Councilman I. Daneek Miller (D-St. Albans) has close ties to Puerto Rico. He told the Queens Tribune’s sister paper, the PRESS of Southeast Queens, in November that he has family members living on the island. He said that he spent many summers as a child visiting them. The councilman has kept close tabs on the devastation following Hurricane Maria. In November, Miller was one of three Queens council members who spent several days assisting people on the island.

In an interview this week, Miller said that the recent news of Puerto Rico’s death toll’s being much higher than initially reported was not surprising.

“For folks who have been on the ground like myself, there was a reality that things weren’t getting done,” Miller said. “Everyone on the island knew that there were many more deaths than what was documented. They just weren’t counting people who were struggling every day in the midst of the struggles following Maria.”
He said that many older people on the island, including his 60-year-old uncle, are former police officers, government workers and other civil servants from the United States who moved back to the island for their retirement. Many of these people are now struggling to get back on their feet.
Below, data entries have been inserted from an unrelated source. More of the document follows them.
Lemma qmul_conjl q : qmul (qconj q) q = qreal (qnorm2 q).
Proof. rewrite /qnorm2; quat_ring. Qed.
Lemma qmul_conjr q : qmul q (qconj q) = qreal (qnorm2 q).
Proof. rewrite /qnorm2; quat_ring. Qed.

Lemma qnorm2_mul p q : qnorm2 (qmul p q) = qnorm2 p * qnorm2 q.
Proof. rewrite /qnorm2 /qmul /qmk /qre /qi /qj /qk /=; ring. Qed.

Lemma qnorm2_ge0 q : 0 <= qnorm2 q.
Proof. by rewrite /qnorm2 !addr_ge0 ?sqr_ge0. Qed.

Lemma qnorm2E q : qnorm2 q = qnorm q ^+ 2.
Proof. by rewrite /qnorm sqr_sqrtr // qnorm2_ge0. Qed.

Lemma qnorm_mul p q : qnorm (qmul p q) = qnorm p * qnorm q.
Proof. by rewrite /qnorm -/(qnorm2 _) qnorm2_mul sqrtrM // qnorm2_ge0. Qed.

Lemma qnorm_conj q : qnorm (qconj q) = qnorm q.
Proof. by rewrite /qnorm /qconj /qmk /qre /qi /qj /qk /= !sqrrN. Qed.

Lemma qnorm_real r : qnorm (qreal r) = `|r|.
Proof.
by rewrite /qnorm /qreal /qmk /qre /qi /qj /qk /= expr0n /= !addr0 sqrtr_sqr.
Qed.

Lemma qnorm0 : qnorm (0 : quat R) = 0.
Proof. by rewrite -[0 : quat R]/(qreal 0) qnorm_real normr0. Qed.

Lemma qnorm_eq0 q : qnorm q = 0 -> q = 0.
Proof.
rewrite /qnorm => /eqP; rewrite sqrtr_eq0.
case: q => [[[a b] c] d]; rewrite /qre /qi /qj /qk /= => sum_sq_le0.
have ha : a = 0 by nra.
have hb : b = 0 by nra.
have hc : c = 0 by nra.
have hd : d = 0 by nra.
by rewrite ha hb hc hd.
Qed.

Lemma qnorm2_neq0 a : a != 0 -> qnorm2 a != 0.
Proof.
move=> a0; apply/eqP=> h; move/eqP: a0; apply; apply: qnorm_eq0.
by rewrite /qnorm -/(qnorm2 a) h sqrtr0.
Qed.

Definition qinv a : quat R := qmul (qreal (qnorm2 a)^-1) (qconj a).

Lemma qmulV a : a != 0 -> qmul a (qinv a) = qreal 1.
Proof.
by move=> /qnorm2_neq0 a0; rewrite /qinv qreal_comm qmulA qmul_conjr qmul_real mulfV.
Qed.

Lemma qnorm_inv a : qnorm a != 0 -> qnorm (qinv a) = (qnorm a)^-1.
Proof.
move=> na0.
rewrite /qinv qnorm_mul qnorm_real qnorm_conj qnorm2E ger0_norm ?invr_ge0 ?sqr_ge0 //.
by rewrite expr2 invfM divfK.
Qed.

Lemma qunit_conjl x : qnorm x = 1 -> qmul (qconj x) x = qreal 1.
Proof. by move=> hx; rewrite qmul_conjl qnorm2E hx expr1n. Qed.

(* Edge equation, solved for the right unit: given a unit x and t with
   |t| = |a|, some unit y satisfies x^* a y = t (take y = a^-1 x t). *)
Lemma solve_right {a t x} : qnorm t = qnorm a -> qnorm x = 1 ->
  exists2 y, qnorm y = 1 & qmul (qmul (qconj x) a) y = t.
Proof.
move=> ht hx; have [a0|a0] := eqVneq a 0.
  exists x => //; rewrite a0 qmulr0 qmul0r; apply/esym/qnorm_eq0.
  by rewrite ht a0 qnorm0.
have na0 : qnorm a != 0 by apply: contra a0 => /eqP /qnorm_eq0 ->.
exists (qmul (qinv a) (qmul x t)).
  by rewrite 2!qnorm_mul qnorm_inv // hx ht mul1r mulVf.
by rewrite -qmulA [qmul a _]qmulA qmulV // qmul1r qmulA qunit_conjl // qmul1r.
Qed.

(* Edge equation, solved for the left unit; obtained from solve_right by
   conjugating the equation. *)
Lemma solve_left {a t x} : qnorm t = qnorm a -> qnorm x = 1 ->
  exists2 y, qnorm y = 1 & qmul (qmul (qconj y) a) x = t.
Proof.
move=> ht hx.
have [|y hy eq_y] := @solve_right (qconj a) (qconj t) x _ hx.
  by rewrite !qnorm_conj.
by exists y => //; rewrite -[t]qconjK -eq_y !qconj_mul !qconjK qmulA.
Qed.

Lemma qnorm_scaled c a p : 0 <= c -> qnorm p = c * qnorm a ->
  exists2 t, qnorm t = qnorm a & p = qmul (qreal c) t.
Proof.
move=> c_ge0 hp; have [c0|c0] := eqVneq c 0.
  exists a => //; rewrite c0 -[qreal 0]/(0 : quat R) qmul0r.
  by apply: qnorm_eq0; rewrite hp c0 mul0r.
exists (qmul (qreal c^-1) p).
  by rewrite qnorm_mul qnorm_real hp normfV ger0_norm // mulKf.
by rewrite qmulA qmul_real mulfV // qmul1r.
Qed.

End QuaternionAlgebra.

Section TreeLabelling.
Variables (T : finType) (e : rel T).
Hypotheses (e_sym : symmetric e) (e_conn : graph_connected e)
           (e_acyclic : graph_cycle_free e).

Definition induced (S : {set T}) : rel T := [rel a b | [&& a \in S, b \in S & e a b]].

Definition connected_in (S : {set T}) : Prop :=
  forall x y, x \in S -> y \in S -> connect (induced S) x y.

Lemma path_induced_in {S x p} : path (induced S) x p -> {subset p <= S}.
Proof.
elim: p x => [|a p IH] x //= /andP[/and3P[_ aS _] hp] y.
by rewrite in_cons => /orP[/eqP->|/(IH _ hp)].
Qed.

Lemma exit_edge {S : {set T}} {s v} : s \in S -> v \notin S ->
  exists u w, [/\ u \in S, w \notin S & e u w].
Proof.
have /connectP[p hp ->] := e_conn s v.
elim: p s hp => [|a p IH] x /= ; first by move=> _ ->.
move=> /andP[exa hp] xS; have [aS|aS] := boolP (a \in S); first exact: IH.
by move=> _; exists x, a.
Qed.

(* Acyclicity: a vertex outside a connected set S has at most one neighbour
   in S, since two neighbours would close a cycle through S. *)
Lemma unique_attachment {S : {set T}} {u y v} : connected_in S ->
  u \in S -> y \in S -> v \notin S -> e u v -> e y v -> y = u.
Proof.
move=> S_conn uS yS vS euv eyv; apply/eqP/negPn/negP => yu.
have /connectP[p0 hp0 ly] := S_conn u y uS yS.
case: (shortenP hp0) ly => p hp up _ ly.
have pS := path_induced_in hp.
have p_uniq : uniq (v :: u :: p).
  rewrite cons_uniq up andbT in_cons negb_or; apply/andP; split.
    by apply: contra vS => /eqP ->.
  by apply: contra vS; apply: pS.
have p_long : (1 < size (u :: p))%N.
  by case: p {hp up pS p_uniq} ly => //= ly; rewrite -ly eqxx in yu.
move/negP: (e_acyclic.2 v (u :: p) p_uniq p_long); apply.
rewrite /cycle /= -cats1 cat_path -ly e_sym euv /= eyv !andbT.
by apply: sub_path hp => a b /and3P[].
Qed.

Lemma connected_in_add {S : {set T}} {u v} : connected_in S -> u \in S -> e u v ->
  connected_in (v |: S).
Proof.
move=> S_conn uS euv.
have sub x y : x \in S -> y \in S -> connect (induced (v |: S)) x y.
  move=> xS yS; apply: connect_sub (S_conn x y xS yS) => a c /and3P[aS cS eac].
  by apply: connect1; rewrite /induced /= !inE aS cS eac !orbT.
have uv : connect (induced (v |: S)) u v
  by apply: connect1; rewrite /induced /= !inE uS eqxx orbT.
have vu : connect (induced (v |: S)) v u
  by apply: connect1; rewrite /induced /= !inE uS eqxx orbT e_sym.
move=> x y; rewrite !inE => /orP[/eqP->|xS] /orP[/eqP->|yS].
- exact: connect0.
- exact: connect_trans vu (sub _ _ uS yS).
- exact: connect_trans (sub _ _ xS uS) uv.
- exact: sub.
Qed.

Variables (V : Type) (Q : V -> Prop) (P : T -> T -> V -> V -> Prop).
Hypotheses (P_sym : forall x y a b, P x y a b -> P y x b a)
           (P_ext : forall x y a, e x y -> Q a -> exists2 b, Q b & P x y a b).

Definition labelling_on (S : {set T}) (z : T -> V) : Prop :=
  (forall x, Q (z x)) /\
  (forall x y, x \in S -> y \in S -> e x y -> P x y (z x) (z y)).

(* A connected set with a valid labelling grows by one vertex: attach an
   outside neighbour v of its unique neighbour u in S and label v from u. *)
Lemma labelling_grow {S : {set T}} {z s v} : connected_in S -> labelling_on S z ->
  s \in S -> v \notin S ->
  exists (S' : {set T}) z', [/\ #|S'| = #|S|.+1, connected_in S' & labelling_on S' z'].
Proof.
move=> S_conn [Qz Pz] sS vS.
have [u [w [uS wS euw]]] := exit_edge sS vS.
have [b Qb Pb] := P_ext _ _ _ euw (Qz u).
exists (w |: S), (fun x => if x == w then b else z x); split.
- by rewrite cardsU1 wS.
- exact: connected_in_add euw.
have ne_w c : c \in S -> (c == w) = false by move=> cS; apply: contraNF wS => /eqP <-.
split=> [x|x y]; first by case: ifP.
rewrite !inE => /orP[/eqP->|xS] /orP[/eqP->|yS] exy.
- by rewrite (negPf (e_acyclic.1 w)) in exy.
- rewrite e_sym in exy; rewrite (unique_attachment S_conn uS yS wS euw exy).
  by rewrite eqxx ne_w //; apply: P_sym.
- by rewrite (unique_attachment S_conn uS xS wS euw exy) eqxx ne_w.
- by rewrite !ne_w //; apply: Pz.
Qed.

Lemma tree_labelling (v0 : V) : Q v0 ->
  exists z : T -> V, (forall x, Q (z x)) /\ (forall x y, e x y -> P x y (z x) (z y)).
Proof.
move=> Qv0; have [r _|T0] := pickP T; last first.
  by exists (fun _ => v0); split=> // x; have := T0 x.
have grow k : (k < #|T|)%N -> exists (S : {set T}) z,
    [/\ #|S| = k.+1, connected_in S & labelling_on S z].
  elim: k => [_|k IH lt_k_T].
    exists [set r], (fun _ => v0); split; first exact: cards1.
      by move=> x y; rewrite !inE => /eqP -> /eqP ->; exact: connect0.
    split=> // x y; rewrite !inE => /eqP -> /eqP ->.
    by rewrite (negPf (e_acyclic.1 r)).
  have [S [z [cardS S_conn z_lab]]] := IH (ltnW lt_k_T).
  have [s sS] : exists s, s \in S by apply/card_gt0P; rewrite cardS.
  have [v vS] : exists v, v \notin S.
    have /card_gt0P[v] : (0 < #|~: S|)%N by have := cardsC S; lia.
    by rewrite inE; exists v.
  by rewrite -cardS; exact: labelling_grow z_lab sS vS.
have T_gt0 : (0 < #|T|)%N by apply/card_gt0P; exists r.
have [S [z [cardS _ [Qz Pz]]]] := grow #|T|.-1 ltac:(by rewrite ltn_predL).
have ST : S = setT by apply/eqP; rewrite eqEcard subsetT cardsT cardS; lia.
by exists z; split=> // x y; apply: Pz; rewrite ST inE.
Qed.
End TreeLabelling.

Section UpperTriangularTree.
Context {R : rcfType} {n : nat} {A : qmx R n}.

Lemma qgraph_sym : symmetric (qgraph A).
Proof. by move=> i j; rewrite /qgraph orbC. Qed.

(* An edge {i, j} with i < j carries the single
   equation z_i^* a_ij z_j = t_ij (a_ji = 0), which can be solved for either
   endpoint (solve_right, solve_left); tree_labelling propagates the solution;
   for non-edges a_ij = 0 = t_ij. *)
Lemma tree_unit_solution {t : 'I_n -> 'I_n -> quat R} :
  qmx_upper_triangular A -> graph_tree (qgraph A) ->
  (forall i j, qnorm (t i j) = qnorm (A i j)) ->
  exists2 z : 'I_n -> quat R, forall i, qnorm (z i) = 1 &
    forall i j, qmul (qmul (qconj (z i)) (A i j)) (z j) = t i j.
Proof.
move=> upper [conn acyclic] t_norm.
pose C i j a b := qmul (qmul (qconj a) (A i j)) b = t i j.
pose P (i j : 'I_n) a b := ((i < j)%N -> C i j a b) /\ ((j < i)%N -> C j i b a).
have [z [z_unit z_P]] : exists z : 'I_n -> quat R,
    (forall i, qnorm (z i) = 1) /\ (forall i j, qgraph A i j -> P i j (z i) (z j)).
  apply: (@tree_labelling _ (qgraph A) qgraph_sym conn acyclic _
                          (fun a => qnorm a = 1) P _ _ (qreal 1)).
  - by move=> x y a b [C_xy C_yx]; split.
  - move=> x y a _ a_unit; case: (ltngtP x y) => [xy|yx|/ord_inj->].
    + have [b b_unit C_ab] := solve_right (t_norm x y) a_unit.
      by exists b => //; split=> // /(ltn_trans xy); rewrite ltnn.
    + have [b b_unit C_ba] := solve_left (t_norm y x) a_unit.
      by exists b => //; split=> // /(ltn_trans yx); rewrite ltnn.
    + by exists a => //; split; rewrite ltnn.
  - by rewrite qnorm_real normr1.
exists z => // i j.
have [a0|a0] := eqVneq (A i j) 0.
  by rewrite a0 qmulr0 qmul0r; apply/esym/qnorm_eq0; rewrite t_norm a0 qnorm0.
have edge : qgraph A i j by rewrite /qgraph a0.
case: (z_P i j edge) => + _; case: ltngtP => [ij|ji|/ord_inj eq_ij] C_ij.
- exact: C_ij.
- by rewrite upper ?eqxx in a0.
- by move: edge; rewrite eq_ij (negPf (acyclic.1 j)).
Qed.
End UpperTriangularTree.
“It’s frustrating to know that we have resources for these American citizens and we’re not delivering,” he said. “We helped Europe and Japan and all of the places, and yet we can’t reinvest in Puerto Rico.”

He compared Puerto Rico’s plight to Hurricane Katrina, during which President George W. Bush’s administration was accused of mishandling its response. Miller said that he has plans to travel back to Puerto Rico to assist with the recovery.

On Wednesday, Meng and U.S. Rep. Nydia Velazquez (D-Ridgewood) took part in a press conference outside the U.S. Capitol in Washington, D.C., to bring attention to the mortality numbers released in Harvard University’s study.

“Nine months after Puerto Rico was devastated by Hurricane Maria, the island continues to struggle with rebuilding,” Meng said. “Puerto Ricans continue to need help and assistance, and we cannot abandon our fellow Americans on the island. As a member of the [House’s] Appropriations Committee, I remain committed to doing everything I can to ensure that Puerto Rico receives the aid it needs, and I continue to support initiatives to help our brothers and sisters on the island get back on their feet.”

Meng noted that she has called for displaced students from Puerto Rico to receive in-state tuition rates at New York public colleges and universities, and urged FEMA to extend traditional housing assistance for hurricane survivors. In January, she brought Omar Miguel Nieves Delgado, a displaced Puerto Rican resident, to President Donald Trump’s State of the Union address to highlight the need for additional recovery funding.